Print, from the listing below, the lines starting at the line containing "Lemma sum_div_diff_inj (K" and ending at the line containing "(a := spike_x", exactly as they stand, and print nothing else.

(MATERIALS PROVIDED Opens)

(* F is algebraic over its prime field: every element is a root of a nonzero
   polynomial with coefficients in the prime subfield (images of integers). *)
Definition algebraic_over_prime_field (F : fieldType) : Prop :=
  forall x : F, exists q : {poly int},
    map_poly (intr : int -> F) q != 0 /\ root (map_poly (intr : int -> F) q) x.

Definition is_F5 (F : fieldType) : Prop :=
  exists s : seq F, [/\ uniq s, size s = 5%N & forall x : F, x \in s].

(* An SD-map f of fields of characteristic other than 2 fixes 0 and 1 and commutes
   with the Cayley map r |-> (r + 1) / (r - 1); evaluating the SD identity at
   (y, x) and at (y / x, 1) and comparing Cayley transforms makes f
   multiplicative. The SD identity then says that, acting on the projective
   line, f commutes with (x : y) |-> (x + y : x - y) and carries
   (x : y) |-> (c x : y) to (x : y) |-> (f c x : y). If some k satisfies
   k^5 <> k, a word in these maps is a nontrivial translation x |-> x + s, so
   f (x + s) = f x + f s, and multiplicativity spreads this to additivity.
   Otherwise every element is 0, +-1 or a square root of -1, so the field is
   F_3 or F_5; SD-maps fix 0 and +-1 and can only swap the square roots of
   -1, which in F_5 is w |-> w^3 = w^-1. *)

From HB Require Import structures.
From mathcomp Require Import all_boot all_order all_algebra.
From mathcomp Require Import ring.
From Stdlib Require Import Classical FunctionalExtensionality.
Set Implicit Arguments.
Unset Strict Implicit.
Unset Printing Implicit Defensive.
Import GRing.Theory.
Local Open Scope ring_scope.

Lemma two_neq0_pchar (K : fieldType) (p : nat) :
  p \in [pchar K] -> (2 < p)%N -> 2 != 0 :> K.
Proof.
move=> hp hp2; rewrite -(dvdn_pcharf hp 2).
by apply/negP => /(dvdn_leq (isT : (0 < 2)%N)); rewrite leqNgt hp2.
Qed.

Lemma eqrNr (K : fieldType) (x : K) : 2 != 0 :> K -> (x == - x) = (x == 0).
Proof. by move=> two; rewrite -addr_eq0 -mulr2n -mulr_natl mulf_eq0 (negbTE two). Qed.

Lemma sum_div_diff_inj (K : fieldType) (c a b : K) :
  2 != 0 :> K -> c != 0 -> a != c -> b != c ->
  (a + c) / (a - c) = (b + c) / (b - c) -> a = b.
Proof.
move=> two c0 ac bc /eqP; rewrite eqr_div ?subr_eq0 // => /eqP e.
have : 2 * c * (b - a) = 0.
  have -> : 2 * c * (b - a) = (a + c) * (b - c) - (b + c) * (a - c) by ring.
  by rewrite e subrr.
by move/eqP; rewrite !mulf_eq0 (negbTE two) (negbTE c0) subr_eq0 => /eqP.
Qed.
Lemma spike_minor_without_tip N : represents M N -> (6 <= r)%N ->
  (forall z, z != t -> z \in ground N) -> has_minor_iso N U22_U02.
Proof.
move=> reprN r6 sG; have lt_r k : (k < 6)%N -> (k < r)%N by lia.
set p := Ordinal (lt_r 0%N isT); set q := Ordinal (lt_r 1%N isT).
set w := Ordinal (lt_r 2%N isT); set u := Ordinal (lt_r 3%N isT).
set v := Ordinal (lt_r 4%N isT); set m := Ordinal (lt_r 5%N isT).
have col_tip : col t M = col (spike_y p) M - col (spike_x p) M.
  by rewrite col_spike_y addrAC subrr add0r.
apply: (U22_U02_minor_of_spans (C := [set spike_x p; spike_y p; spike_x q; spike_x w])
  (a := spike_x u) (b := spike_x v) (c := spike_y q) (d := spike_y w) reprN).
- by apply/subsetP => z zS; apply: sG; move: zS; rewrite !inE -!val_eqE /=; lia.
- by split; rewrite !inE -!val_eqE /=; lia.
- by rewrite /= !inE -!val_eqE /=; lia.
- apply: free_cols_F2 => Z sZ zZ.
  have out z : z \notin spike_x u |: (spike_x v |: [set spike_x p; spike_y p; spike_x q;
      spike_x w]) -> z \notin Z by apply: contra; apply: (subsetP sZ).
  apply: (spike_zero_sum_eq0 (m := m) zZ).
  + by apply: out; rewrite !inE -!val_eqE /=; lia.
  + by apply: out; rewrite !inE -!val_eqE /=; lia.
  rewrite (negbTE (out t _)) ?addn0; last by rewrite !inE -!val_eqE /=; lia.
  rewrite -(cards1 p); apply/subset_leq_card/subsetP => l; rewrite !inE.
  apply: contraLR; rewrite -val_eqE /= => lp; apply: out.
  by rewrite !inE -!val_eqE /=; have := ltn_ord l; lia.
- by rewrite col_spike_y col_tip rpredD ?rpredB // memv_span_cols // !inE eqxx ?orbT.
- by rewrite col_spike_y col_tip rpredD ?rpredB // memv_span_cols // !inE eqxx ?orbT.
Qed.

Lemma spike_two_two_uniform_with_tip N w : represents M N ->
  (forall z, z \notin [set spike_x w; spike_y w] -> z \in ground N) ->
  two_two_uniform N <-> (r <= 4)%N.
Proof.
move=> reprN sG; split => [noMinor | r4 /(spike_minor_lower_bound reprN)]; last by lia.
by rewrite leqNgt; apply/negP => r5; apply/noMinor/(spike_minor_with_tip reprN r5 sG).
Qed.

Lemma spike_two_two_uniform_without_tip N : represents M N ->
  (forall z, (z \in ground N) = (z != t)) -> two_two_uniform N <-> (r <= 5)%N.
Proof.
move=> reprN gN; split => [noMinor | r5 /(spike_minor_lower_bound reprN)].
  rewrite leqNgt; apply/negP => r6; apply/noMinor/(spike_minor_without_tip reprN r6).
  by move=> z; rewrite gN.
by rewrite gN eqxx; lia.
Qed.

End Spike.

Theorem lemma4p2 (r : nat) (hr : (3 <= r)%N) :
  (two_two_uniform (spike r) <-> (r <= 4)%N) /\
  (forall y : 'I_(r + r + 1), y != tip r ->
     (two_two_uniform (delete (spike r) [set y]) <-> (r <= 4)%N)) /\
  (two_two_uniform (delete (spike r) [set tip r]) <-> (r <= 5)%N).
Proof.
have reprZ : represents (spike_mx r) (spike r) := vector_matroid_represents _.
have reprD Y : represents (spike_mx r) (delete (spike r) Y) := delete_represents Y reprZ.
have r0 : (0 < r)%N by lia.
split; last split.
- by apply: (spike_two_two_uniform_with_tip (w := Ordinal r0) reprZ) => z; rewrite inE.
- move=> y yt; have [w yw] : exists w, y \in [set spike_x w; spike_y w].
    by case: (spike_elemP y) yt => [w|w|]; rewrite ?eqxx // => _; exists w;
      rewrite !inE eqxx ?orbT.
  apply: (spike_two_two_uniform_with_tip (w := w) (reprD _)) => z zw.
  by rewrite !inE andbT; apply: contraNneq zw => ->.
- by apply: spike_two_two_uniform_without_tip (reprD _) _ => z; rewrite !inE andbT.
Qed.
(* Let $n\ge0$ be an integer and $n_1=\lceil n/2\rceil$. If $g\in K a(\varpi^{n_1})$, then $t(g)=\min(n_1-2l(g),-n_1)$.
   Context: $F$ is a non-archimedean local field of characteristic $0$ with ring of integers $\mathfrak{o}$, maximal ideal $\mathfrak{p}$, uniformizer $\varpi$; $U_j=\{x\in\mathfrak{o}^\times: v(x-1)\ge j\}$. $G=\mathrm{GL}_2(F)$, $K=\mathrm{GL}_2(\mathfrak{o})$, $K_1(\mathfrak{p}^n)=K\cap\begin{pmatrix}1+\mathfrak{p}^n&\mathfrak{o}\\\mathfrak{p}^n&\mathfrak{o}\end{pmatrix}$, $w=\begin{pmatrix}0&1\\-1&0\end{pmatrix}$, $a(y)=\mathrm{diag}(y,1)$, $n(x)=\begin{pmatrix}1&x\\0&1\end{pmatrix}$, $Z$ the center, $N=\{n(x)\}$. There is a disjoint decomposition $G=\bigsqcup_{t\in\mathbb{Z}}\bigsqcup_{0\le l\le n}\bigsqcup_{v\in\mathfrak{o}^\times/U_{\min(l,n-l)}}ZN a(\varpi^t)wn(\varpi^{-l}v)K_1(\mathfrak{p}^n)$; for $g\in G$, $t(g)$ and $l(g)$ are the unique integers with $0\le l(g)\le n$ and $g\in ZNa(\varpi^{t(g)})wn(\varpi^{-l(g)}v)K_1(\mathfrak{p}^n)$ for some $v\in\mathfrak{o}^\times$. *)

From HB Require Import structures.
From mathcomp Require Import all_boot all_order all_algebra.
Set Implicit Arguments. Unset Strict Implicit. Unset Printing Implicit Defensive.
Import Order.TTheory GRing.Theory Num.Theory.
Local Open Scope ring_scope.

Section Defs.
Variable F : fieldType.
(* v : F -> int is the normalized discrete valuation; its value at 0 is
   irrelevant (never used): "x in p^k" is encoded by [vge v x k]. *)
Variable v : F -> int.

Definition vge (x : F) (k : int) : Prop := x = 0 \/ k <= v x.
Definition in_o (x : F) : Prop := vge x 0.
Definition unit_o (x : F) : Prop := x != 0 /\ v x = 0.

Definition is_normalized_dval : Prop :=
  [/\ forall x y, x != 0 -> y != 0 -> v (x * y) = v x + v y,
      forall x y, x != 0 -> y != 0 -> x + y != 0 ->
        Num.min (v x) (v y) <= v (x + y)
    & exists pi : F, pi != 0 /\ v pi = 1].

Definition v_complete : Prop :=
  forall u : nat -> F,
    (forall k : int, exists N, forall m p, (N <= m)%N -> (N <= p)%N ->
        vge (u m - u p) k) ->
    exists L, forall k : int, exists N, forall m, (N <= m)%N -> vge (u m - L) k.

Definition finite_residue_field : Prop :=
  exists s : seq F, forall x, in_o x -> exists2 y, y \in s & vge (x - y) 1.

Definition nonarch_local_field_char0 : Prop :=
  [/\ is_normalized_dval, v_complete, finite_residue_field
    & [pchar F] =i pred0].

Definition mx2 (a b c d : F) : 'M[F]_2 :=
  \matrix_(i < 2, j < 2)
    if i == 0 :> nat then (if j == 0 :> nat then a else b)
    else (if j == 0 :> nat then c else d).

Definition wmx : 'M[F]_2 := mx2 0 1 (-1) 0.
Definition amx (y : F) : 'M[F]_2 := mx2 y 0 0 1.
Definition nmx (x : F) : 'M[F]_2 := mx2 1 x 0 1.

Definition inK (k : 'M[F]_2) : Prop :=
  [/\ forall i j, in_o (k i j) & unit_o (\det k)].

Definition inK1 (n : nat) (k : 'M[F]_2) : Prop :=
  [/\ inK k, vge (k 0 0 - 1) (Posz n) & vge (k 1 0) (Posz n)].

Definition in_cell (pi : F) (n : nat) (t : int) (l : nat) (g : 'M[F]_2) : Prop :=
  exists z x u k, [/\ z != 0, unit_o u, inK1 n k &
    g = z%:M *m nmx x *m amx (pi ^ t) *m wmx *m nmx (pi ^ (- l%:Z) * u) *m k].

End Defs.

From mathcomp Require Import all_boot all_order all_algebra.
From mathcomp Require Import zify ring.
Import Order.TTheory GRing.Theory Num.Theory.
Local Open Scope ring_scope.
Set Implicit Arguments. Unset Strict Implicit.

(* Compare bottom rows.  On one side the bottom row of g a(pi^-n1) is that of
   k, hence primitive.  On the other it is -z times the row (1, c) k1 a(pi^-n1),
   with c = pi^-l u; since k1 in K1(p^n) has unit diagonal entries when n > 0,
   the minimal valuation of that row is -max(n1, l).  Hence v z = max(n1, l),
   and comparing valuations of determinants gives 2 v z + t = n1. *)

Section Mx2.
Variable F : fieldType.
Implicit Types (a b c d s x z : F) (k M : 'M[F]_2).

Lemma mx2_eta k : k = mx2 (k 0 0) (k 0 1) (k 1 0) (k 1 1).
Proof.
by apply/matrixP => i j; rewrite !mxE;
  case: i => [[|[|i]] Hi] //; case: j => [[|[|j]] Hj] //=; congr (k _ _); apply: val_inj.
Qed.

Lemma scalar_mx2 z : z%:M = mx2 z 0 0 z.
Proof.
by apply/matrixP => i j; rewrite !mxE; case: i => [[|[|i]] Hi] //; case: j => [[|[|j]] Hj].
Qed.

Lemma mul_mx2 a b c d a' b' c' d' :
  mx2 a b c d *m mx2 a' b' c' d' =
  mx2 (a * a' + b * c') (a * b' + b * d') (c * a' + d * c') (c * b' + d * d').
Proof.
apply/matrixP => i j; rewrite !mxE !big_ord_recr big_ord0 /= !mxE /=.
by case: i => [[|[|i]] Hi] //; case: j => [[|[|j]] Hj] //=; rewrite add0r.
Qed.

Lemma det_mx2 a b c d : \det (mx2 a b c d) = a * d - b * c.
Proof.
rewrite (expand_det_row _ 0) !big_ord_recr big_ord0 /= /cofactor !det_mx11 !mxE /=.
by rewrite add0r expr0 expr1 mul1r mulN1r mulrN.
Qed.

Lemma mulmx2E k M i j : (k *m M) i j = k i 0 * M 0 j + k i 1 * M 1 j.
Proof.
rewrite mxE !big_ord_recl big_ord0 addr0.
by congr (k i _ * M _ j + k i _ * M _ j); apply: val_inj.
Qed.

Lemma mulmx_amx_col0 k s i : (k *m amx s) i 0 = k i 0 * s.
Proof. by rewrite mulmx2E !mxE /= mulr0 addr0. Qed.

Lemma mulmx_amx_col1 k s i : (k *m amx s) i 1 = k i 1.
Proof. by rewrite mulmx2E !mxE /= mulr0 add0r mulr1. Qed.

Lemma nmx_mul_row0 c k j : (nmx c *m k) 0 j = k 0 j + c * k 1 j.
Proof. by rewrite mulmx2E !mxE /= mul1r. Qed.

Lemma cell_row1 z x s M j :
  (z%:M *m nmx x *m amx s *m wmx F *m M) 1 j = - z * M 0 j.
Proof.
by rewrite mulmx2E /nmx /amx /wmx scalar_mx2 !mul_mx2 !mxE /=; ring.
Qed.

Lemma det_mulmx_amx k s : \det (k *m amx s) = \det k * s.
Proof. by rewrite det_mulmx det_mx2 mulr1 mulr0 subr0. Qed.

Lemma det_cell z x s c k :
  \det (z%:M *m nmx x *m amx s *m wmx F *m (nmx c *m k)) = z * z * s * \det k.
Proof. by rewrite !det_mulmx /nmx /amx /wmx scalar_mx2 !det_mx2; ring. Qed.

End Mx2.

Section Valuation.
Variables (F : fieldType) (v : F -> int).
Hypothesis hv : is_normalized_dval v.
Implicit Types (x y lam : F) (m : int).

Definition vexact x m : Prop := x != 0 /\ v x = m.

Lemma vM x y : x != 0 -> y != 0 -> v (x * y) = v x + v y.
Proof. by case: hv => hM _ _; apply: hM. Qed.

Lemma v1 : v 1 = 0.
Proof. by have := vM (oner_neq0 F) (oner_neq0 F); rewrite mulr1 -{1}[v 1]addr0 => /addrI ->. Qed.

Lemma vN x : x != 0 -> v (- x) = v x.
Proof.
move=> x0; have N10 : (-1 : F) != 0 by rewrite oppr_eq0 oner_neq0.
have := vM N10 N10; rewrite mulrNN mulr1 v1 => vN1.
by rewrite -mulN1r vM // (_ : v (-1) = 0) ?add0r //; lia.
Qed.

Lemma vexact1 : vexact 1 0.
Proof. by split; [apply: oner_neq0 | apply: v1]. Qed.

Lemma vexact_mul x y a b : vexact x a -> vexact y b -> vexact (x * y) (a + b).
Proof. by case=> x0 <- [y0 <-]; split; [rewrite mulf_neq0 | rewrite vM]. Qed.

Lemma vexact_opp x m : vexact x m -> vexact (- x) m.
Proof. by case=> x0 <-; split; [rewrite oppr_eq0 | rewrite vN]. Qed.

Lemma vexact_inv x m : vexact x m -> vexact x^-1 (- m).
Proof.
case=> x0 <-; split; first by rewrite invr_neq0.
by have := vM x0 (invr_neq0 x0); rewrite mulfV // v1 => /esym/addr0_eq/esym.
Qed.

Lemma vexact_exp x m n : vexact x m -> vexact (x ^+ n) (m *+ n).
Proof.
move=> hx; elim: n => [|n IH]; first by rewrite expr0 mulr0n; apply: vexact1.
by rewrite exprS mulrS; apply: vexact_mul.
Qed.

Lemma vexact_unique x m m' : vexact x m -> vexact x m' -> m = m'.
Proof. by case=> _ <- [_ <-]. Qed.

Lemma vexact_vge x m : vexact x m -> vge v x m.
Proof. by case=> _ <-; right. Qed.

Lemma vexact_vge_le x m m' : vexact x m -> vge v x m' -> m' <= m.
Proof. by case=> /negPf x0 <- [/eqP|]; rewrite ?x0. Qed.

Lemma vge_le x m m' : vge v x m -> m' <= m -> vge v x m'.
Proof. by case=> [->|h] hk; [left | right; apply: le_trans h]. Qed.

Lemma vge_opp x m : vge v x m -> vge v (- x) m.
Proof.
case=> [->|h]; first by rewrite oppr0; left.
have [->|x0] := eqVneq x 0; first by rewrite oppr0; left.
by right; rewrite vN.
Qed.

Lemma vge_add x y m : vge v x m -> vge v y m -> vge v (x + y) m.
Proof.
case: hv => _ hD _.
have [->|x0] := eqVneq x 0; first by rewrite add0r.
have [->|y0] := eqVneq y 0; first by rewrite addr0.
have [->|s0] := eqVneq (x + y) 0; first by left.
case=> [/eqP|hx]; first by rewrite (negPf x0).
case=> [/eqP|hy]; first by rewrite (negPf y0).
by right; apply: le_trans (hD _ _ x0 y0 s0); rewrite le_min hx hy.
Qed.

Lemma vge_mul x y a b : vge v x a -> vge v y b -> vge v (x * y) (a + b).
Proof.
have [->|x0] := eqVneq x 0; first by rewrite mul0r; left.
have [->|y0] := eqVneq y 0; first by rewrite mulr0; left.
case=> [/eqP|hx]; first by rewrite (negPf x0).
case=> [/eqP|hy]; first by rewrite (negPf y0).
by right; rewrite vM // lerD.
Qed.

Lemma vge_split x m : vge v x m -> vexact x m \/ vge v x (m + 1).
Proof.
have [->|x0] := eqVneq x 0; first by right; left.
case=> [/eqP|hx]; first by rewrite (negPf x0).
have [e|ne] := eqVneq (v x) m; first by left.
by right; right; lia.
Qed.

Lemma vexact_addl x y m : vge v x (m + 1) -> vexact y m -> vexact (x + y) m.
Proof.
move=> hx hy; have hxm : vge v x m by apply: vge_le hx _; lia.
case: (vge_split (vge_add hxm (vexact_vge hy))) => // hs.
by have := vge_add hs (vge_opp hx); rewrite addrC addKr => /(vexact_vge_le hy); lia.
Qed.

Definition row_val x y m : Prop :=
  [/\ vge v x m, vge v y m & vexact x m \/ vexact y m].

Lemma row_val_exactl x y m : vexact x m -> vge v y m -> row_val x y m.
Proof. by move=> hx hy; split; [apply: vexact_vge | | left]. Qed.

Lemma row_val_exactr x y m : vge v x m -> vexact y m -> row_val x y m.
Proof. by move=> hx hy; split; [| apply: vexact_vge | right]. Qed.

Lemma row_val_unique x y m m' : row_val x y m -> row_val x y m' -> m = m'.
Proof.
have le a b : row_val x y a -> row_val x y b -> b <= a.
  by case=> _ _ [e|e] [hx hy _]; [apply: vexact_vge_le e hx | apply: vexact_vge_le e hy].
by move=> hm hm'; apply: le_anti; rewrite !(le _ _ hm hm', le _ _ hm' hm).
Qed.

Lemma row_val_scale lam x y a m :
  vexact lam a -> row_val x y m -> row_val (lam * x) (lam * y) (a + m).
Proof.
move=> hl [hx hy hxy]; split; try exact: vge_mul (vexact_vge hl) _.
by case: hxy => h; [left | right]; apply: vexact_mul.
Qed.

Lemma inK_row_val (k : 'M[F]_2) i : inK v k -> row_val (k i 0) (k i 1) 0.
Proof.
case=> kO kU.
have [e|h0] := vge_split (kO i 0); first exact: row_val_exactl e (kO i 1).
have [e|h1] := vge_split (kO i 1); first exact: row_val_exactr (kO i 0) e.
suff : vge v (\det k) 1 by move/(vexact_vge_le kU).
have vge1M a b : vge v a 1 -> in_o v b -> vge v (a * b) 1.
  by move=> ha hb; apply: vge_le (vge_mul ha hb) _.
rewrite [k in \det k]mx2_eta det_mx2.
have [ei|ei] : i = 0 \/ i = 1.
  by case: (i) => [[|[|//]] ?]; [left | right]; apply: val_inj.
  by rewrite ei in h0 h1; apply: vge_add (vge_opp _); apply: vge1M.
rewrite ei in h0 h1; rewrite [k 0 0 * _]mulrC [k 0 1 * _]mulrC.
by apply: vge_add (vge_opp _); apply: vge1M.
Qed.

Lemma inK_mul (a b : 'M[F]_2) : inK v a -> inK v b -> inK v (a *m b).
Proof.
case=> aO aU [bO bU]; split; last by rewrite det_mulmx; apply: vexact_mul aU bU.
by move=> i j; rewrite mulmx2E; apply: vge_add; exact: vge_mul (aO _ _) (bO _ _).
Qed.

Lemma inK_nmx c : in_o v c -> inK v (nmx c).
Proof.
move=> hc; split; last by rewrite det_mx2 mulr1 mulr0 subr0; apply: vexact1.
have o1 : in_o v (1 : F) by apply: vexact_vge vexact1.
by move=> i j; rewrite !mxE; case: ifP => _; case: ifP => _ //; left.
Qed.

Lemma inK1_unit00 n (k : 'M[F]_2) : (0 < n)%N -> inK1 v n k -> unit_o v (k 0 0).
Proof.
move=> n0 [_ h00 _]; rewrite -(subrK 1 (k 0 0)).
by apply: vexact_addl vexact1; apply: vge_le h00 _; lia.
Qed.

Lemma inK1_unit11 n (k : 'M[F]_2) : (0 < n)%N -> inK1 v n k -> unit_o v (k 1 1).
Proof.
move=> n0 [kK _ h10]; case: (inK_row_val 1 kK) => _ _ [e|//].
by have := vexact_vge_le e (vge_le h10 (_ : 1 <= n%:Z)); lia.
Qed.

End Valuation.

Section Uniformizer.
Variables (F : fieldType) (v : F -> int) (pi : F).
Hypotheses (hv : is_normalized_dval v) (hpi : vexact v pi 1).

Lemma vexact_pi m : vexact v (pi ^ m) m.
Proof.
case: m => m; first by have := vexact_exp hv m hpi; rewrite natz.
by have := vexact_inv hv (vexact_exp hv m.+1 hpi); rewrite natz -NegzE.
Qed.

Lemma inK1_row_val n l (N1 : int) u (k : 'M[F]_2) :
  (l <= n)%N -> 0 <= N1 <= n%:Z -> unit_o v u -> inK1 v n k ->
  let R := nmx (pi ^ (- l%:Z) * u) *m k in
  row_val v (pi ^ (- N1) * R 0 0) (R 0 1) (- Num.max N1 l%:Z).
Proof.
move=> hl hN1 hu hk R; rewrite /R !nmx_mul_row0.
have := vexact_mul hv (vexact_pi (- l%:Z)) hu; rewrite addr0.
set c := pi ^ (- l%:Z) * u => hc.
case: (hk) => hkK h00 h10; case: (hkK) => kO _.
have [n0|npos] := posnP n.
  have -> : N1 = 0 by lia.
  have l0 : l = 0%N by lia.
  rewrite l0 (_ : Num.max 0 0 = 0) // expr0z mul1r.
  have cO : in_o v c by apply: vexact_vge; rewrite l0 in hc.
  by have := inK_row_val hv 0 (inK_mul hv (inK_nmx hv cO) hkK); rewrite !nmx_mul_row0.
have u00 := inK1_unit00 hv npos hk.
have u11 := inK1_unit11 hv npos hk.
have cK10 : vge v (c * k 1 0) (- l%:Z + n%:Z) := vge_mul hv (vexact_vge hc) h10.
have := vexact_mul hv hc u11; rewrite addr0 => cK11.
have hQ : vge v (k 0 1 + c * k 1 1) (- l%:Z).
  by apply: (vge_add hv _ (vexact_vge cK11)); apply: (vge_le (kO 0 1) _); lia.
have hQ' : (0 < l)%N -> vexact v (k 0 1 + c * k 1 1) (- l%:Z).
  by move=> l0; apply: (vexact_addl hv _ cK11); apply: (vge_le (kO 0 1) _); lia.
have [ln|ln] : (l < n)%N \/ l = n by lia.
  have hP : unit_o v (k 0 0 + c * k 1 0).
    by rewrite addrC; apply: (vexact_addl hv _ u00); apply: (vge_le cK10 _); lia.
  have := vexact_mul hv (vexact_pi (- N1)) hP; rewrite addr0 => hP'.
  have [lN|Nl] := lerP (l%:Z) N1.
    by apply: (row_val_exactl hP' _); apply: (vge_le hQ _); lia.
  apply: row_val_exactr; last by apply: hQ'; lia.
  by apply: (vge_le (vexact_vge hP') _); lia.
have hP : vge v (k 0 0 + c * k 1 0) 0.
  by apply: (vge_add hv (kO 0 0) _); apply: (vge_le cK10 _); lia.
have hP' := vge_mul hv (vexact_vge (vexact_pi (- N1))) hP.
rewrite max_r; last lia.
by apply: row_val_exactr; [apply: (vge_le hP' _) | apply: hQ']; lia.
Qed.

End Uniformizer.

Unset Implicit Arguments.

Theorem lemma2p3 (F : fieldType) (v : F -> int)
  (hF : nonarch_local_field_char0 v)
  (pi : F) (hpi0 : pi != 0) (hpi : v pi = 1)
  (n : nat) (g : 'M[F]_2)
  (hg : exists k, inK v k /\ g = k *m amx (pi ^ (uphalf n)%:Z))
  (t : int) (l : nat) (hl : (l <= n)%N) (hcell : in_cell v pi n t l g) :
  t = Num.min ((uphalf n)%:Z - 2 * l%:Z) (- (uphalf n)%:Z).
Proof.
case: hF => hv _ _ _; have hpi1 : vexact v pi 1 := conj hpi0 hpi.
case: hg => k [hk gE]; case: hcell => z [x [u [k1 [z0 hu hk1 gE']]]].
set N1 := (uphalf n)%:Z in gE *.
set R := nmx (pi ^ (- l%:Z) * u) *m k1.
have hz : vexact v (- z) (v z) := vexact_opp hv (conj z0 erefl).
have gR j : g 1 j = - z * R 0 j by rewrite gE' -mulmxA cell_row1.
have hrow : row_val v (k 1 0) (k 1 1) (v z - Num.max N1 l%:Z).
  have -> : k 1 0 = - z * (pi ^ (- N1) * R 0 0).
    by rewrite mulrCA -gR gE mulmx_amx_col0 -invr_expz mulrC mulfK // expfz_neq0.
  have -> : k 1 1 = - z * R 0 1 by rewrite -gR gE mulmx_amx_col1.
  by apply: (row_val_scale hv hz (inK1_row_val hv hpi1 hl _ hu hk1)); rewrite /N1; lia.
have vz : v z - Num.max N1 l%:Z = 0 := row_val_unique hrow (inK_row_val hv 1 hk).
have vdet : 0 + N1 = v z + v z + t + 0.
  have hdet : \det g = \det k * pi ^ N1 by rewrite gE det_mulmx_amx.
  have [_ kU] := hk; have [[_ k1U] _ _] := hk1.
  rewrite gE' -mulmxA det_cell in hdet.
  apply: (vexact_unique (vexact_mul hv kU (vexact_pi hv hpi1 N1))); rewrite -hdet.
  apply: (vexact_mul hv _ k1U); apply: (vexact_mul hv _ (vexact_pi hv hpi1 t)).
  by have := vexact_mul hv hz hz; rewrite mulrNN.
lia.
Qed.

(MATERIALS PROVIDED Closes)

REPLY TO THE EXERCISE →
Lemma sum_div_diff_inj (K : fieldType) (c a b : K) :
  2 != 0 :> K -> c != 0 -> a != c -> b != c ->
  (a + c) / (a - c) = (b + c) / (b - c) -> a = b.
Proof.
move=> two c0 ac bc /eqP; rewrite eqr_div ?subr_eq0 // => /eqP e.
have : 2 * c * (b - a) = 0.
  have -> : 2 * c * (b - a) = (a + c) * (b - c) - (b + c) * (a - c) by ring.
  by rewrite e subrr.
by move/eqP; rewrite !mulf_eq0 (negbTE two) (negbTE c0) subr_eq0 => /eqP.
Qed.
Lemma spike_minor_without_tip N : represents M N -> (6 <= r)%N ->
  (forall z, z != t -> z \in ground N) -> has_minor_iso N U22_U02.
Proof.
move=> reprN r6 sG; have lt_r k : (k < 6)%N -> (k < r)%N by lia.
set p := Ordinal (lt_r 0%N isT); set q := Ordinal (lt_r 1%N isT).
set w := Ordinal (lt_r 2%N isT); set u := Ordinal (lt_r 3%N isT).
set v := Ordinal (lt_r 4%N isT); set m := Ordinal (lt_r 5%N isT).
have col_tip : col t M = col (spike_y p) M - col (spike_x p) M.
  by rewrite col_spike_y addrAC subrr add0r.
apply: (U22_U02_minor_of_spans (C := [set spike_x p; spike_y p; spike_x q; spike_x w])
  (a := spike_x u) (b := spike_x v) (c := spike_y q) (d := spike_y w) reprN).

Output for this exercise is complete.